◆ EXERCISE OBJECTIVE
The complete set of records below must be repeated precisely as given.

Saved data entries
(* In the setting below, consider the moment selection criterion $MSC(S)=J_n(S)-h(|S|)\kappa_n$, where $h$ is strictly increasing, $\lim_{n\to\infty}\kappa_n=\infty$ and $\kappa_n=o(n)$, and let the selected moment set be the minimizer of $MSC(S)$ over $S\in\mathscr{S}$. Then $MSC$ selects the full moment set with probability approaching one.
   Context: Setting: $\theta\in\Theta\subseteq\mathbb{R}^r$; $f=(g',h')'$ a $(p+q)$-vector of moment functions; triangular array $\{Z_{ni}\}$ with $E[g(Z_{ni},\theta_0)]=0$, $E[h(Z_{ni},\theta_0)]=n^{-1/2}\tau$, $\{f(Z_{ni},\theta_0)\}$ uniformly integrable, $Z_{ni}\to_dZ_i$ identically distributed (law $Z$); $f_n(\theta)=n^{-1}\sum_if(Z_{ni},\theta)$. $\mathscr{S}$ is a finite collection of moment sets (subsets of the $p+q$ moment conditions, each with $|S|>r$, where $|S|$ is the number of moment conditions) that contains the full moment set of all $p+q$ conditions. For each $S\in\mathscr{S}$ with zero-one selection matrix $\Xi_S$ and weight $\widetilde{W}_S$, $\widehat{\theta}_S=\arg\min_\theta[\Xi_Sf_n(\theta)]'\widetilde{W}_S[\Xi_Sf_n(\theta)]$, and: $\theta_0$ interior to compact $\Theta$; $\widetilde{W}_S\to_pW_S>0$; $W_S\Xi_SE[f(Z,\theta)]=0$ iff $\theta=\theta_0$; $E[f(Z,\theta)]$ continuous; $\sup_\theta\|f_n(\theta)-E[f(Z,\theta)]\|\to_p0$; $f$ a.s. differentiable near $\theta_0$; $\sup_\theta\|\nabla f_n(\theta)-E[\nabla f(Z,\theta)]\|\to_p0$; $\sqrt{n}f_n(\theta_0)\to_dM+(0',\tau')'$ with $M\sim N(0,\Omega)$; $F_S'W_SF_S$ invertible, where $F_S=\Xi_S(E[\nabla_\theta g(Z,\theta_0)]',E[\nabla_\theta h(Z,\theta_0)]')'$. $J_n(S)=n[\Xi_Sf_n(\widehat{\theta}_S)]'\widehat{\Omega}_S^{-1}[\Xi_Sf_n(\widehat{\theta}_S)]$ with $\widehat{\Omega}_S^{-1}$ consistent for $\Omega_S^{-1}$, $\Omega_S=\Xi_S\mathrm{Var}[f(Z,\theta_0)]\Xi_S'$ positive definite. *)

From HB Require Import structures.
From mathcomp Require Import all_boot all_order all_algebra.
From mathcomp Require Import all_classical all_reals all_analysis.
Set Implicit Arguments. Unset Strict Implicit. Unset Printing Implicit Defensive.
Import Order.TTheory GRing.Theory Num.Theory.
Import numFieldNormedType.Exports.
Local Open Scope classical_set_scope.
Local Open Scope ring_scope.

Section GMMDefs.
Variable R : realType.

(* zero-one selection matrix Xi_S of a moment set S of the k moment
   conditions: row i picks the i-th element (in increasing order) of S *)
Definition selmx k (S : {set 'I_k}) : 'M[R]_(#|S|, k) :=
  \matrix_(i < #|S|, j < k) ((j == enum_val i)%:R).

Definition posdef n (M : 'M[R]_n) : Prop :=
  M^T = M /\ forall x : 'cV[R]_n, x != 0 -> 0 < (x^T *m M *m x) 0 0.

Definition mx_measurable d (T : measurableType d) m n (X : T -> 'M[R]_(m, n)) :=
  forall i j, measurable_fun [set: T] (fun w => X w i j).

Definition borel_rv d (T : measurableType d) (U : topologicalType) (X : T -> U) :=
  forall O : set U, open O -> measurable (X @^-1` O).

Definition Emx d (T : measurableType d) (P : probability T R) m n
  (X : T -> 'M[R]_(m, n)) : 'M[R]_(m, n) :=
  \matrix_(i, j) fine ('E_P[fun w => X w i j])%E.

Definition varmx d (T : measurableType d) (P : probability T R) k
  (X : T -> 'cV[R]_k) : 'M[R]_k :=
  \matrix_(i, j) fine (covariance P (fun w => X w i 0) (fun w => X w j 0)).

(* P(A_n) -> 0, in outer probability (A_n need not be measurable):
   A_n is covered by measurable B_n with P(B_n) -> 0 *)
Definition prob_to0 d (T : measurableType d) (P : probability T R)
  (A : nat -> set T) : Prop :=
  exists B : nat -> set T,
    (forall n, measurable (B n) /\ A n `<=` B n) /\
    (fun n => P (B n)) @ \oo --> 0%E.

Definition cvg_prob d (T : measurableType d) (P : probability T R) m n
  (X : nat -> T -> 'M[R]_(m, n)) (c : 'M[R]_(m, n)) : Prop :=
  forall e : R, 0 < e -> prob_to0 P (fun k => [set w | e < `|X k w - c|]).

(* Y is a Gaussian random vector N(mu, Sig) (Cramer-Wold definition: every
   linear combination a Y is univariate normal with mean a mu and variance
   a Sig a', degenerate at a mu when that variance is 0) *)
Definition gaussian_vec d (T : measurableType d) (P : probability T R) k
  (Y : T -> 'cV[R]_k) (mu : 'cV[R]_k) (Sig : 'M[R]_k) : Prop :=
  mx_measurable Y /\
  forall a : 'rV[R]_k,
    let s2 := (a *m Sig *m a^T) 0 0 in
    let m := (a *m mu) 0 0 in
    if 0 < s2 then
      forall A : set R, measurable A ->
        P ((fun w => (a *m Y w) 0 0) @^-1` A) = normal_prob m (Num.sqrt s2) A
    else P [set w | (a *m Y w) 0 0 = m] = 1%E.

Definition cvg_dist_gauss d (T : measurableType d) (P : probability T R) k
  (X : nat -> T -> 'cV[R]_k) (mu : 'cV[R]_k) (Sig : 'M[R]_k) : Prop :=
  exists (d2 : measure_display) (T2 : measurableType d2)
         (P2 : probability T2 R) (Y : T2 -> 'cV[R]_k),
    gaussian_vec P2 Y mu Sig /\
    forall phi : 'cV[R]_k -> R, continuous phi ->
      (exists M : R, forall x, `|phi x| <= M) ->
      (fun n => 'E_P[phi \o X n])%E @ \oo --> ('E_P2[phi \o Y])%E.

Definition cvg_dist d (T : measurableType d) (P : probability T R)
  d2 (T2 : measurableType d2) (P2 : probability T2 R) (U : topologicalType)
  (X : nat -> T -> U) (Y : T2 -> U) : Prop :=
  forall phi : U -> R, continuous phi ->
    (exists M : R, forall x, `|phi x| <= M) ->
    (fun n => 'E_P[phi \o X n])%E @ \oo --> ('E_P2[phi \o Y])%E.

◆ SOLUTION TO THIS TASK
(* In the setting below, consider the moment selection criterion $MSC(S)=J_n(S)-h(|S|)\kappa_n$, where $h$ is strictly increasing, $\lim_{n\to\infty}\kappa_n=\infty$ and $\kappa_n=o(n)$, and let the selected moment set be the minimizer of $MSC(S)$ over $S\in\mathscr{S}$. Then $MSC$ selects the full moment set with probability approaching one.
   Context: Setting: $\theta\in\Theta\subseteq\mathbb{R}^r$; $f=(g',h')'$ a $(p+q)$-vector of moment functions; triangular array $\{Z_{ni}\}$ with $E[g(Z_{ni},\theta_0)]=0$, $E[h(Z_{ni},\theta_0)]=n^{-1/2}\tau$, $\{f(Z_{ni},\theta_0)\}$ uniformly integrable, $Z_{ni}\to_dZ_i$ identically distributed (law $Z$); $f_n(\theta)=n^{-1}\sum_if(Z_{ni},\theta)$. $\mathscr{S}$ is a finite collection of moment sets (subsets of the $p+q$ moment conditions, each with $|S|>r$, where $|S|$ is the number of moment conditions) that contains the full moment set of all $p+q$ conditions. For each $S\in\mathscr{S}$ with zero-one selection matrix $\Xi_S$ and weight $\widetilde{W}_S$, $\widehat{\theta}_S=\arg\min_\theta[\Xi_Sf_n(\theta)]'\widetilde{W}_S[\Xi_Sf_n(\theta)]$, and: $\theta_0$ interior to compact $\Theta$; $\widetilde{W}_S\to_pW_S>0$; $W_S\Xi_SE[f(Z,\theta)]=0$ iff $\theta=\theta_0$; $E[f(Z,\theta)]$ continuous; $\sup_\theta\|f_n(\theta)-E[f(Z,\theta)]\|\to_p0$; $f$ a.s. differentiable near $\theta_0$; $\sup_\theta\|\nabla f_n(\theta)-E[\nabla f(Z,\theta)]\|\to_p0$; $\sqrt{n}f_n(\theta_0)\to_dM+(0',\tau')'$ with $M\sim N(0,\Omega)$; $F_S'W_SF_S$ invertible, where $F_S=\Xi_S(E[\nabla_\theta g(Z,\theta_0)]',E[\nabla_\theta h(Z,\theta_0)]')'$. $J_n(S)=n[\Xi_Sf_n(\widehat{\theta}_S)]'\widehat{\Omega}_S^{-1}[\Xi_Sf_n(\widehat{\theta}_S)]$ with $\widehat{\Omega}_S^{-1}$ consistent for $\Omega_S^{-1}$, $\Omega_S=\Xi_S\mathrm{Var}[f(Z,\theta_0)]\Xi_S'$ positive definite. *)

From HB Require Import structures.
From mathcomp Require Import all_boot all_order all_algebra.
From mathcomp Require Import all_classical all_reals all_analysis.
Set Implicit Arguments. Unset Strict Implicit. Unset Printing Implicit Defensive.
Import Order.TTheory GRing.Theory Num.Theory.
Import numFieldNormedType.Exports.
Local Open Scope classical_set_scope.
Local Open Scope ring_scope.

Section GMMDefs.
Variable R : realType.

(* zero-one selection matrix Xi_S of a moment set S of the k moment
   conditions: row i picks the i-th element (in increasing order) of S *)
Definition selmx k (S : {set 'I_k}) : 'M[R]_(#|S|, k) :=
  \matrix_(i < #|S|, j < k) ((j == enum_val i)%:R).

Definition posdef n (M : 'M[R]_n) : Prop :=
  M^T = M /\ forall x : 'cV[R]_n, x != 0 -> 0 < (x^T *m M *m x) 0 0.

Definition mx_measurable d (T : measurableType d) m n (X : T -> 'M[R]_(m, n)) :=
  forall i j, measurable_fun [set: T] (fun w => X w i j).

Definition borel_rv d (T : measurableType d) (U : topologicalType) (X : T -> U) :=
  forall O : set U, open O -> measurable (X @^-1` O).

Definition Emx d (T : measurableType d) (P : probability T R) m n
  (X : T -> 'M[R]_(m, n)) : 'M[R]_(m, n) :=
  \matrix_(i, j) fine ('E_P[fun w => X w i j])%E.

Definition varmx d (T : measurableType d) (P : probability T R) k
  (X : T -> 'cV[R]_k) : 'M[R]_k :=
  \matrix_(i, j) fine (covariance P (fun w => X w i 0) (fun w => X w j 0)).

(* P(A_n) -> 0, in outer probability (A_n need not be measurable):
   A_n is covered by measurable B_n with P(B_n) -> 0 *)
Definition prob_to0 d (T : measurableType d) (P : probability T R)
  (A : nat -> set T) : Prop :=
  exists B : nat -> set T,
    (forall n, measurable (B n) /\ A n `<=` B n) /\
    (fun n => P (B n)) @ \oo --> 0%E.

Definition cvg_prob d (T : measurableType d) (P : probability T R) m n
  (X : nat -> T -> 'M[R]_(m, n)) (c : 'M[R]_(m, n)) : Prop :=
  forall e : R, 0 < e -> prob_to0 P (fun k => [set w | e < `|X k w - c|]).

(* Y is a Gaussian random vector N(mu, Sig) (Cramer-Wold definition: every
   linear combination a Y is univariate normal with mean a mu and variance
   a Sig a', degenerate at a mu when that variance is 0) *)
Definition gaussian_vec d (T : measurableType d) (P : probability T R) k
  (Y : T -> 'cV[R]_k) (mu : 'cV[R]_k) (Sig : 'M[R]_k) : Prop :=
  mx_measurable Y /\
  forall a : 'rV[R]_k,
    let s2 := (a *m Sig *m a^T) 0 0 in
    let m := (a *m mu) 0 0 in
    if 0 < s2 then
      forall A : set R, measurable A ->
        P ((fun w => (a *m Y w) 0 0) @^-1` A) = normal_prob m (Num.sqrt s2) A
    else P [set w | (a *m Y w) 0 0 = m] = 1%E.

Definition cvg_dist_gauss d (T : measurableType d) (P : probability T R) k
  (X : nat -> T -> 'cV[R]_k) (mu : 'cV[R]_k) (Sig : 'M[R]_k) : Prop :=
  exists (d2 : measure_display) (T2 : measurableType d2)
         (P2 : probability T2 R) (Y : T2 -> 'cV[R]_k),
    gaussian_vec P2 Y mu Sig /\
    forall phi : 'cV[R]_k -> R, continuous phi ->
      (exists M : R, forall x, `|phi x| <= M) ->
      (fun n => 'E_P[phi \o X n])%E @ \oo --> ('E_P2[phi \o Y])%E.

Definition cvg_dist d (T : measurableType d) (P : probability T R)
  d2 (T2 : measurableType d2) (P2 : probability T2 R) (U : topologicalType)
  (X : nat -> T -> U) (Y : T2 -> U) : Prop :=
  forall phi : U -> R, continuous phi ->
    (exists M : R, forall x, `|phi x| <= M) ->
    (fun n => 'E_P[phi \o X n])%E @ \oo --> ('E_P2[phi \o Y])%E.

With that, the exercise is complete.